Jack was about to challenge this, but then he remembered what Vince had said about becoming reeducated in this new world.

Adâ’s hand tightened momentarily, and she looked into Jack’s eyes, as if daring him to challenge it. Jack stared back defiantly, and she let go.

Adâ turned, taking no more notice of Lucy than if she had been a balsa-wood hat stand. “I would have greeted you earlier with the others, but I cannot stand that girl Gaby.”

Neither Jack nor Lucy said anything. Both knew what the other was thinking.

Over the rest of the day, Jack and Lucy were given a flurried tour around the ship by Quentin. Along increasingly claustrophobic tunnels of panelled wood, they were taken to the kitchen, the dining room, and below to the mechanical workings of the ship—reactors, turbines, and generators that neither Jack nor Lucy thought could ever work, looking as they did like the inventions of a cartoon evil scientist. It took Jack a while to realize that
The Golden Turtle
was not just a name. The entire ship was literally built in the shape of a gigantic metallic turtle, with the command deck as the head.

Though the tour was quite dull (not helped along by Quentin’s increasingly monotonous attempts to sound piratey through an Etonian accent), they came across many of the crew who were going about their day’s work. From the bits of conversation they had with them, most of them seemed very amiable and friendly. For once, Jack threw himself much more into conversations with strangers than Lucy, who remained stoic and visibly uneasy throughout.

Eventually, the jet lag began to kick in, with the realization that they had been awake for almost twenty hours. After the tour, they were shown back to their own small cabins. Both tried to sleep but found it impossible. Somehow, they had come out on this planet midmorning, despite leaving at midnight. But then, Jack thought, that probably happened when you jumped two hundred thousand light-years through space.

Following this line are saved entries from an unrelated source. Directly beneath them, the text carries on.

(* Let $n\ge 2$ be an integer that is not a perfect square, and let $a,b$ be positive integers with $a^2-nb^2=-1$. Put $u=a+b\sqrt n$, and let $H_j/K_j$ be the convergents of the simple continued fraction expansion of $u^2$, with $H_{-1}=1$. Then $$\mathcal L\left(\frac1{u^2}\right)=\sum_{k=0}^{\infty}\left[\mathcal L\left(\frac{1}{nb^2(2H_{2k-1})^2}\right)+\mathcal L\left(\frac{1}{(2H_{2k+1}-H_{2k})^2}\right)\right].$$
   Context: $\mathcal L$ is the Rogers dilogarithm: for real $z\le1$, $\mathcal L(z)=\mathrm{Li}_2(z)+\tfrac12\log|z|\log(1-z)$, where $\mathrm{Li}_2(z)=\sum_{m\ge1}z^m/m^2$. If $v=[c_0,c_1,c_2,\dots]$ is the simple continued fraction expansion of $v$ ($c_0=\lfloor v\rfloor$, $c_i\ge1$ integers), the convergent numerators are defined by $H_{-2}=0,H_{-1}=1$, $H_i=c_iH_{i-1}+H_{i-2}$ for $i\ge0$, and denominators by $K_{-2}=1,K_{-1}=0$, $K_i=c_iK_{i-1}+K_{i-2}$, so that $[c_0,\dots,c_i]=H_i/K_i$. *)

From Stdlib Require Import Reals ZArith ClassicalEpsilon.
Open Scope R_scope.

(* The limit of a real sequence (chosen classically; meaningful when it converges). *)
Definition seq_lim (u : nat -> R) : R :=
  epsilon (inhabits 0) (fun l => Un_cv u l).

Definition Li2 (z : R) : R :=
  seq_lim (fun N => sum_f_R0 (fun m => z ^ (S m) / (INR (S m)) ^ 2) N).

Definition RogersL (z : R) : R :=
  Li2 z + / 2 * ln (Rabs z) * ln (1 - z).

Definition Rfloor (x : R) : Z := Int_part x.

Fixpoint cf_x (v : R) (i : nat) : R :=
  match i with
  | O => v
  | S j => / (cf_x v j - IZR (Rfloor (cf_x v j)))
  end.
Lemma dc_eq_transport (f g : extQ -> extQ) r1 r2 n :
  cancel f g -> cancel g f ->
  (forall x y, crosses (f r1) (f r2) (sort2 (f x) (f y)) = crosses r1 r2 (sort2 x y)) ->
  dc_eq r1 r2 n -> dc_eq (f r1) (f r2) n.
Proof.
move=> fK gK crossesF [s [uniq_s crosses_s size_s]].
pose F e := sort2 (f e.1) (f e.2); pose G e := sort2 (g e.1) (g e.2).
have GFK e : crosses r1 r2 e -> G (F e) = e.
  by move=> /crosses_sorted {2}<-; rewrite /G sort2_map !fK.
have FGK e : crosses (f r1) (f r2) e -> F (G e) = e.
  by move=> /crosses_sorted {2}<-; rewrite /F sort2_map !gK.
exists (map F s); split; last by rewrite size_map.
- rewrite map_inj_in_uniq // => e e' se se' eqF.
  by rewrite -(GFK e) ?crosses_s // eqF GFK ?crosses_s.
- move=> e; apply/idP/mapP => [cr_e | [e' se' ->]].
  + exists (G e); last by rewrite FGK.
    have sortG : sort2 (G e).1 (G e).2 = G e by exact: (sort2_map id).
    by rewrite -crosses_s -sortG -crossesF -/(F (G e)) FGK.
  + have cr_e' : crosses r1 r2 e' by rewrite crosses_s.
    by rewrite /F crossesF (crosses_sorted _ _ _ cr_e').
Qed.

Definition scalev (s : int) (z : int * int) : int * int := (s * z.1, s * z.2).

Lemma scale1v z : scalev 1 z = z.
Proof. by case: z => z1 z2; rewrite /scalev !mul1r. Qed.

Lemma det_scalev s s' z t : det (scalev s z) (scalev s' t) = s * s' * det z t.
Proof. by rewrite /det /scalev /=; ring. Qed.

Lemma norm_sqr_eq1 (s : int) : s ^+ 2 = 1 -> `|s| = 1.
Proof. by move/eqP; rewrite sqrf_eq1 => /orP [] /eqP ->. Qed.

Lemma coprimez_detP z : reflect (exists t, det z t = 1) (coprimez z.1 z.2).
Proof.
apply: (iffP (coprimezP _ _)) => [[[u v] /= uv1] | [[t1 t2] zt1]].
- by exists (- v, u); rewrite /det /= -uv1; ring.
- by exists (t2, - t1); rewrite /= -zt1 /det /=; ring.
Qed.

Lemma coprimez_coords x : coprimez (coords x).1 (coords x).2.
Proof. by case: x => [a|] //=; rewrite coprimezE coprime_num_den. Qed.

Lemma slopev_coords x : slopev (coords x) = x.
Proof.
by case: x => [a|] //; rewrite /slopev /slope /= (negbTE (denq_neq0 a)) divq_num_den.
Qed.

Lemma slopev_scalev s z : s != 0 -> slopev (scalev s z) = slopev z.
Proof.
move=> s_neq0; rewrite /slopev /slope /= mulf_eq0 (negbTE s_neq0) /=.
case: eqP => // _; congr Some.
by rewrite !intrM -mulf_div divff ?mul1r // intr_eq0.
Qed.

Definition sgv (z : int * int) : int := sgz (if z.2 == 0 then z.1 else z.2).
(* Let $n$ be sufficiently large, $m=\lceil n/\log^8 n\rceil$ and $p=1/(m^{1/2}\log^2 m)$. Let $H_R,H_B$ be graphs on vertex set $[m]$, let $H_R',H_B'$ be obtained from them by deleting every edge lying in a triangle, and let $\pi_R,\pi_B:[n]\to[m]$ be maps. Let $H_0$ be the graph on $[n]$ where distinct $u,v$ are adjacent iff $\{\pi_R(u),\pi_R(v)\}\in E(H_R')$ (then the edge is called red) or $\{\pi_B(u),\pi_B(v)\}\in E(H_B')$ (then called blue); an edge may be both. A pair $\{u,v\}\in\binom{[n]}{2}$ is closed by a red (resp. blue) cherry if there is $w\in[n]$ with $\{u,w\},\{v,w\}$ both red (resp. both blue) edges of $H_0$. If $H_R$ has maximum degree at most $2pm$ and $|\pi_R^{-1}(x)|\le 2n/m$ for all $x\in[m]$, then at most $n^2/\log n$ pairs in $\binom{[n]}2$ are closed by a red cherry in $H_0$. Similarly, if $H_B$ has maximum degree at most $2pm$ and $|\pi_B^{-1}(x)|\le 2n/m$ for all $x\in[m]$, then at most $n^2/\log n$ pairs are closed by a blue cherry in $H_0$.
   Context: Logarithms are natural; $\log^k n$ means $(\log n)^k$. *)

From mathcomp Require Import all_boot all_order all_algebra.
From mathcomp Require Import all_classical all_reals all_analysis.
Set Implicit Arguments. Unset Strict Implicit. Unset Printing Implicit Defensive.
Import Order.TTheory GRing.Theory Num.Theory.
Local Open Scope ring_scope.

Definition is_graph (T : finType) (H : rel T) : Prop :=
  (forall x y, H x y = H y x) /\ (forall x, H x x = false).

Definition del_tri (T : finType) (H : rel T) : rel T :=
  fun x y => H x y && ~~ [exists z, H x z && H y z].

Definition degree (T : finType) (H : rel T) (x : T) : nat := #|[set y | H x y]|.

Definition m_of (R : realType) (n : nat) : nat :=
  `| Num.ceil ((n%:R : R) / (ln (n%:R : R)) ^+ 8) |%N.

Definition p_of (R : realType) (m : nat) : R :=
  1 / (Num.sqrt (m%:R : R) * (ln (m%:R : R)) ^+ 2).

Definition col_edge (n m : nat) (Hc : rel 'I_m) (pic : 'I_n -> 'I_m) : rel 'I_n :=
  fun u v => (u != v) && del_tri Hc (pic u) (pic v).

Definition H0 (n m : nat) (HR HB : rel 'I_m) (piR piB : 'I_n -> 'I_m) : rel 'I_n :=
  fun u v => col_edge HR piR u v || col_edge HB piB u v.

(* Pairs {u,v} (encoded as u < v) closed by a cherry of the given colour. *)
Definition cherry_closed (n m : nat) (Hc : rel 'I_m) (pic : 'I_n -> 'I_m)
  : {set 'I_n * 'I_n} :=
  [set uv : 'I_n * 'I_n | (val uv.1 < val uv.2)%N &&
            [exists w, col_edge Hc pic uv.1 w && col_edge Hc pic uv.2 w]].

From mathcomp Require Import all_boot all_order all_algebra.
From mathcomp Require Import all_classical all_reals all_analysis.
From mathcomp Require Import ring lra.
Set Implicit Arguments.
Unset Strict Implicit.

Import Order.TTheory GRing.Theory Num.Theory.
Local Open Scope ring_scope.

(* If {u, v} is closed by a cherry through w, then pi u and pi v are both
   H-neighbours of z = pi w.  Hence the number of closed pairs is at most
   the sum over z of N_z ^ 2, where N_z counts the vertices of [n] mapped
   into the neighbourhood of z.  Each N_z is at most (max degree) times
   (max fibre) <= 4pn, so the count is at most m (4pn)^2 = 16 n^2 / log^4 m,
   and log m >= (log n) / 2 makes this at most n^2 / log n.  Only the
   inclusion H' <= H is used, not the deletion of triangle edges. *)

Section CherryCount.

Variables (n m : nat) (H : rel 'I_m) (pi : 'I_n -> 'I_m).

Lemma col_edge_sub u v : col_edge H pi u v -> H (pi u) (pi v).
Proof. by case/andP=> _ /andP[]. Qed.

Lemma card_cherry_closed_leq :
  (#|cherry_closed H pi| <= \sum_(z : 'I_m) #|[set u | H (pi u) z]| ^ 2)%N.
Proof.
have closed_le : (#|cherry_closed H pi| <=
    \sum_(uv : 'I_n * 'I_n) \sum_(z : 'I_m) (H (pi uv.1) z && H (pi uv.2) z))%N.
  rewrite -sum1_card big_mkcond /=; apply: leq_sum => uv _.
  case: ifP => // /setIdP[_ /existsP[w /andP[/col_edge_sub h1 /col_edge_sub h2]]].
  by rewrite (bigD1 (pi w)) //= h1 h2.
apply: leq_trans closed_le _; rewrite exchange_big /=; apply: leq_sum => z _.
rewrite -mulnn -cardsX -sum1_card [X in (_ <= X)%N]big_mkcond /=.
by apply: leq_sum => uv _; rewrite !inE; case: (_ && _).
Qed.

Variables (R : realType) (D F : R).
Hypotheses (Hsym : symmetric H)
  (degH : forall x, (degree H x)%:R <= D)
  (fibre_pi : forall x, (#|[set u | pi u == x]|%:R : R) <= F).

Lemma card_preim_neighbours_le z : (#|[set u | H (pi u) z]|%:R : R) <= D * F.
Proof.
have F0 : 0 <= F by apply: le_trans (fibre_pi z).
rewrite -sum1_card (partition_big pi (H^~ z)); last by move=> u; rewrite inE.
rewrite natr_sum; apply: le_trans (_ : \sum_(x | H x z) F <= _).
  apply: ler_sum => x Hxz; apply: le_trans (fibre_pi x).
  rewrite ler_nat -sum1_card; apply: eq_leq; apply: eq_bigl => u.
  by rewrite !inE; case: (pi u =P x) => [->|]; rewrite ?Hxz ?andbF.
rewrite (eq_bigl (fun x => x \in [set y | H z y])); last by move=> x; rewrite inE Hsym.
by rewrite sumr_const -mulr_natl; apply: ler_wpM2r => //; exact: degH.
Qed.

Lemma card_cherry_closed_le :
  (#|cherry_closed H pi|%:R : R) <= m%:R * (D * F) ^+ 2.
Proof.
apply: le_trans (_ : (\sum_z #|[set u | H (pi u) z]| ^ 2)%N%:R <= _).
  by rewrite ler_nat card_cherry_closed_leq.
rewrite natr_sum; apply: le_trans (_ : \sum_(z : 'I_m) (D * F) ^+ 2 <= _).
  apply: ler_sum => z _; rewrite natrX lerXn2r ?nnegrE ?card_preim_neighbours_le //.
  exact: le_trans (ler0n _ _) (card_preim_neighbours_le z).
by rewrite sumr_const card_ord mulr_natl.
Qed.

End CherryCount.

Section Asymptotics.

Variable R : realType.

Lemma ln_le_subr1 (x : R) : 0 < x -> ln x <= x - 1.
Proof.
move=> x0; have := @le_ln1Dx R (x - 1).
by rewrite addrCA subrr addr0; apply; lra.
Qed.

Lemma ln2_ge_half : 2^-1 <= ln (2 : R).
Proof. by have := @ln_le_subr1 2^-1 ltac:(lra); rewrite lnV ?posrE //; lra. Qed.

Lemma ln_le_div64_add5 (x : R) : 0 < x -> ln x <= x / 64 + 5.
Proof.
move=> x0; have := @ln_le_subr1 (x / 64) ltac:(lra).
have ln64 : ln (64 : R) <= 6.
  have -> : (64 : R) = 2 ^+ 6 by rewrite -natrX.
  rewrite lnXn // -[_ *+ 6]mulr_natr.
  by have := @ln_le_subr1 2 ltac:(lra); lra.
by rewrite ln_div ?posrE //; lra.
Qed.

Lemma ln_ge_of_exp2_le (x : R) k : 2 ^+ k <= x -> k%:R / 2 <= ln x.
Proof.
move=> pow_le_x; have pow_gt0 : (0 : R) < 2 ^+ k by rewrite exprn_gt0.
have : ln (2 ^+ k : R) <= ln x by rewrite ler_ln ?posrE ?(lt_le_trans pow_gt0 pow_le_x).
rewrite lnXn // -[_ *+ k]mulr_natr => /(le_trans _); apply.
by have := ln2_ge_half; have := ler0n R k; nra.
Qed.

Lemma ln_natr_ge200 n : (2 ^ 400 <= n)%N -> 200 <= ln (n%:R : R).
Proof.
move=> n_ge; have := @ln_ge_of_exp2_le n%:R 400.
by rewrite -natrX ler_nat => /(_ n_ge) {n_ge}; apply: le_trans; lra.
Qed.

Lemma m_of_ge n : n%:R / ln (n%:R : R) ^+ 8 <= (m_of R n)%:R.
Proof.
have ratio_ge0 : 0 <= n%:R / ln (n%:R : R) ^+ 8.
  by rewrite divr_ge0 // exprn_even_ge0.
by rewrite /m_of natr_absz ger0_norm ?ceil_ge // real_ceil_ge0 ?num_real //; lra.
Qed.

(* ln m >= ln n - 8 ln ln n, and 8 ln ln n <= ln n / 2 once ln n >= 200. *)
Lemma ln_m_of_ge n : 200 <= ln (n%:R : R) -> ln (n%:R : R) / 2 <= ln (m_of R n)%:R.
Proof.
move=> L_ge.
have n0 : 0 < (n%:R : R).
  by rewrite ltNge; apply: contraTN L_ge => n_le0; rewrite ln0 // -ltNge; lra.
have L0 : 0 < ln (n%:R : R) by lra.
have L8 : 0 < ln (n%:R : R) ^+ 8 by rewrite exprn_gt0.
have ratio0 : 0 < n%:R / ln (n%:R : R) ^+ 8 by rewrite divr_gt0.
have ln_ratio : ln (n%:R / ln (n%:R : R) ^+ 8) <= ln (m_of R n)%:R.
  by rewrite ler_ln ?posrE ?m_of_ge ?(lt_le_trans ratio0 (m_of_ge n)).
move: ln_ratio; rewrite (ln_div n0 L8) (lnXn 8 L0) -[_ *+ 8]mulr_natr.
by have := @ln_le_div64_add5 _ L0; lra.
Qed.

Lemma sqr_p_of_mul m : (0 < m)%N -> p_of R m ^+ 2 * m%:R = (ln (m%:R : R) ^+ 4)^-1.
Proof.
move=> m0; have m0R : 0 < (m%:R : R) by rewrite ltr0n.
rewrite /p_of expr_div_n exprMn sqr_sqrtr ?ltW // -exprM expr1n mul1r.
by rewrite invfM mulrAC mulVf ?gt_eqF // mul1r.
Qed.

Lemma mul16_le_expr4 (L a : R) : 200 <= L -> L / 2 <= a -> 16 * L <= a ^+ 4.
Proof.
move=> L_ge a_ge; have : (L / 2) ^+ 4 <= a ^+ 4 by rewrite lerXn2r ?nnegrE //; lra.
apply: le_trans.
have L3 : 256 <= L ^+ 3.
  apply: le_trans (_ : 200 ^+ 3 <= _); first by rewrite -natrX ler_nat.
  by rewrite lerXn2r ?nnegrE //; lra.
by move: L3; rewrite !exprS expr0; nra.
Qed.

End Asymptotics.

Lemma card_cherry_closed_le_ln (R : realType) n (H : rel 'I_(m_of R n))
    (pi : 'I_n -> 'I_(m_of R n)) :
  (2 ^ 400 <= n)%N -> symmetric H ->
  (forall x, (degree H x)%:R <= 2 * p_of R (m_of R n) * (m_of R n)%:R) ->
  (forall x, (#|[set u | pi u == x]|%:R : R) <= 2 * n%:R / (m_of R n)%:R) ->
  (#|cherry_closed H pi|%:R : R) <= n%:R ^+ 2 / ln (n%:R : R).
Proof.
move=> /(ln_natr_ge200 R) L_ge Hsym degH fibre_pi.
have lnm_ge := ln_m_of_ge L_ge.
have m0 : (0 < m_of R n)%N.
  rewrite lt0n; apply/negP => /eqP m_eq0.
  by move: lnm_ge; rewrite m_eq0 mulr0n (ln0 (lexx 0)); lra.
apply: le_trans (card_cherry_closed_le Hsym degH fibre_pi) _.
have -> : (m_of R n)%:R *
      (2 * p_of R (m_of R n) * (m_of R n)%:R * (2 * n%:R / (m_of R n)%:R)) ^+ 2
    = 16 * n%:R ^+ 2 * (p_of R (m_of R n) ^+ 2 * (m_of R n)%:R).
  by field; rewrite pnatr_eq0 -lt0n.
have L0 : 0 < ln (n%:R : R) by lra.
have a4_ge := mul16_le_expr4 L_ge lnm_ge.
rewrite sqr_p_of_mul // ler_pdivrMr; last by apply: lt_le_trans a4_ge; lra.
by rewrite mulrAC ler_pdivlMr //; have := sqr_ge0 (n%:R : R); nra.
Qed.

Theorem lemma5p1 (R : realType) :
  exists N : nat, forall n : nat, (N <= n)%N ->
  forall m : nat, m = m_of R n ->
  forall (HR HB : rel 'I_m) (piR piB : 'I_n -> 'I_m),
    is_graph HR -> is_graph HB ->
    ((forall x, (degree HR x)%:R <= 2 * p_of R m * m%:R) ->
     (forall x : 'I_m, (#|[set u | piR u == x]|%:R : R) <= 2 * n%:R / m%:R) ->
     (#|cherry_closed HR piR|%:R : R) <= (n%:R) ^+ 2 / ln (n%:R : R))
    /\
    ((forall x, (degree HB x)%:R <= 2 * p_of R m * m%:R) ->
     (forall x : 'I_m, (#|[set u | piB u == x]|%:R : R) <= 2 * n%:R / m%:R) ->
     (#|cherry_closed HB piB|%:R : R) <= (n%:R) ^+ 2 / ln (n%:R : R)).
Proof.
exists (2 ^ 400)%N => n n_ge m -> HR HB piR piB [HR_sym _] [HB_sym _].
by split; [exact: card_cherry_closed_le_ln n_ge HR_sym
          | exact: card_cherry_closed_le_ln n_ge HB_sym].
Qed.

In the end, Lucy managed to doze off, but Jack gave up and took to wandering around, talking to the crew and taking in the atmosphere.

Whilst exploring, Jack discovered an observatory dome on the top deck—one panel of the turtle’s shell made of transparent glass rather than metal, through which he could sit and watch. They had risen over the course of the day, so that now they were much closer to the surface. The echo of silver moonlight glittered above, dancing on the surface of the water. Evidently, the fog had cleared.

“So how are you enjoying your first voyage aboard
The Golden Turtle
?” said a voice behind him.

Jack whipped around to see Ruth leaning casually on the railing, her arms folded. “I was just getting some fresh air,” he said awkwardly. He felt very like a small child, sitting cross-legged on the floor.

Her expression broke into a grin. “Don’t worry. You’re not part of the crew,” she said reassuringly, coming to stand next to him. “But that doesn’t mean I won’t give you jobs to do. Everybody’s got to pull their own weight here.”

“Yeah, Quentin made that very clear.”

Ruth laughed. “He’s harmless really. The crew joke about him, but he’s the one who keeps everyone organized. God knows we need it, with so many different worlds, each with their own missions.”